What are good patterns to avoid aggregating duplicated data? What I can think of is:

Use outbox in the aggregation endpoind, so that the db transaction fails if the message handler doesn’t complete successfully
Store the ratings in a db table, transactionally with the aggregated data, and verify that the rating for that orderId is not there before aggregating it.

Any other options?

What I can see with the above approaches is that 1 is mainly putting technology on it and leaving the business logic very simple, whether in option 2, the deduplication is part of the actual feature implementation. I can see good and bad things in both approaches.

mauroservienti · April 3, 2019, 7:49am

My personal preference would be Outbox if there are no good business reasons to manually run deduplication (e.g. you want to be aware for business reasons about deduped messages).

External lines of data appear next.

Lemma first_order_coef_ge0 (a b : R) :
  (forall s, 0 < s -> s <= 1 -> 0 <= 2 * s * a + s ^+ 2 * b) -> 0 <= b -> 0 <= a.
Proof.
move=> Hs b_ge0; rewrite leNgt; apply/negP => a_lt0.
have ba_gt0 : 0 < b - a by lra.
pose s := - a / (b - a).
have s_gt0 : 0 < s by apply: divr_gt0; lra.
have s_le1 : s <= 1 by rewrite ler_pdivrMr; lra.
have := Hs s s_gt0 s_le1.
have -> : 2 * s * a + s ^+ 2 * b = a ^+ 2 * (2 * a - b) / (b - a) ^+ 2 by rewrite /s; field; lra.
rewrite pmulr_lge0 ?invr_gt0 ?exprn_gt0 //.
have : 0 < a ^+ 2 by rewrite expr2; nra.
nra.
Qed.

Lemma simplex_segment x q s : 0 <= s -> s <= 1 -> in_simplex x -> in_simplex q ->
  in_simplex (fun k => x k + s * (q k - x k)).
Proof.
move=> s_ge0 s_le1 [x_ge0 x_sum] [q_ge0 q_sum]; split.
  by move=> k; have := x_ge0 k; have := q_ge0 k; nra.
by rewrite big_split /= -mulr_sumr sumrB x_sum q_sum subrr mulr0 addr0.
Qed.

Lemma simplex_delta (j : 'I_n) : in_simplex (fun k => (k == j)%:R : R).
Proof.
split=> [k|]; first exact: ler0n.
by rewrite (bigD1 j) //= eqxx big1 ?addr0 // => k /negbTE ->.
Qed.

Lemma simplex_projection_variational x y : in_simplex x ->
    (forall q, in_simplex q -> dist2 x y <= dist2 q y) ->
  forall q, in_simplex q -> 0 <= \sum_k (x k - y k) * (q k - x k).
Proof.
move=> Sx x_min q Sq.
apply: (@first_order_coef_ge0 _ (\sum_k (q k - x k) ^+ 2)); last first.
  by apply: sumr_ge0 => k _; exact: sqr_ge0.
move=> s s_gt0 s_le1.
have := x_min _ (simplex_segment (ltW s_gt0) s_le1 Sx Sq).
rewrite /dist2 ler_sqrt; last by apply: sumr_ge0 => k _; exact: sqr_ge0.
have -> : \sum_k (x k + s * (q k - x k) - y k) ^+ 2 =
    \sum_k (x k - y k) ^+ 2 + (2 * s * \sum_k (x k - y k) * (q k - x k)
                               + s ^+ 2 * \sum_k (q k - x k) ^+ 2).
  rewrite !mulr_sumr -!big_split /=; apply: eq_bigr => k _; ring.
by rewrite lerDl.
Qed.

Lemma simplex_projection_threshold x y : in_simplex x ->
    (forall q, in_simplex q -> dist2 x y <= dist2 q y) ->
  exists l, forall k, x k = Num.max (y k - l) 0.
Proof.
move=> Sx x_min; have [x_ge0 x_sum] := Sx.
pose l := \sum_k x k * (y k - x k).
have le_l j : y j - x j <= l.
  have := simplex_projection_variational Sx x_min (simplex_delta j).
  rewrite (eq_bigr (fun k => (x k - y k) * (k == j)%:R + x k * (y k - x k))) => [|k _]; last by ring.
  rewrite big_split /= (bigD1 j) //= eqxx mulr1 big1 => [|k /negbTE ->]; last by rewrite mulr0.
  rewrite addr0 -/l; lra.
have slack_ge0 k : 0 <= x k * (l - (y k - x k)) by rewrite mulr_ge0 ?subr_ge0.
have slack0 : \sum_k x k * (l - (y k - x k)) = 0.
  rewrite (eq_bigr (fun k => l * x k - x k * (y k - x k))) => [|k _]; last by ring.
  by rewrite sumrB -mulr_sumr x_sum mulr1 subrr.
exists l => k; have /eqP := psumr_eq0P (fun k _ => slack_ge0 k) slack0 (i := k) isT.
have := x_ge0 k; have := le_l k; rewrite mulf_eq0 => ? ? /orP[/eqP xk0|/eqP ?].
  by rewrite xk0 max_r //; lra.
by rewrite max_l; lra.
Qed.
End SimplexProjection.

Another technical solution would be to use an append only model at the aggregator endpoint and aggregate ratings at query time. In this case you could use the message ID in the append only model to run dedup logic, e.g. by simply having a unique index on the message id column, catching the exception, and discarding those messages.

.m

fcastells · April 3, 2019, 7:58pm

OK, it makes sense. I will try the Outbox approach. Although I like the concept of Outbox and I used in the past, for my current project I preferred not to use it and use Send Atomic with Receive plus idempotent handlers. So, for scenarios like this, I will try only enabling Outbox for the affected endpoint.

Does it seem a correct approach to you?

Regarding the append only, in my case it’s not desired, because I need running averages for windows of several months. What I came up with to avoid aggregating tens of thousands of ratings every time was to do aggregates per day, so at query time, I only have to aggregate one value per day.

mauroservienti · April 5, 2019, 1:24pm

Makes sense to me.

Given that I guess that ratings are not really required to be strictly consistent, another approach could be to use a saga to aggregate those. For example a saga that is time based and aggregate ratings on a daily basis.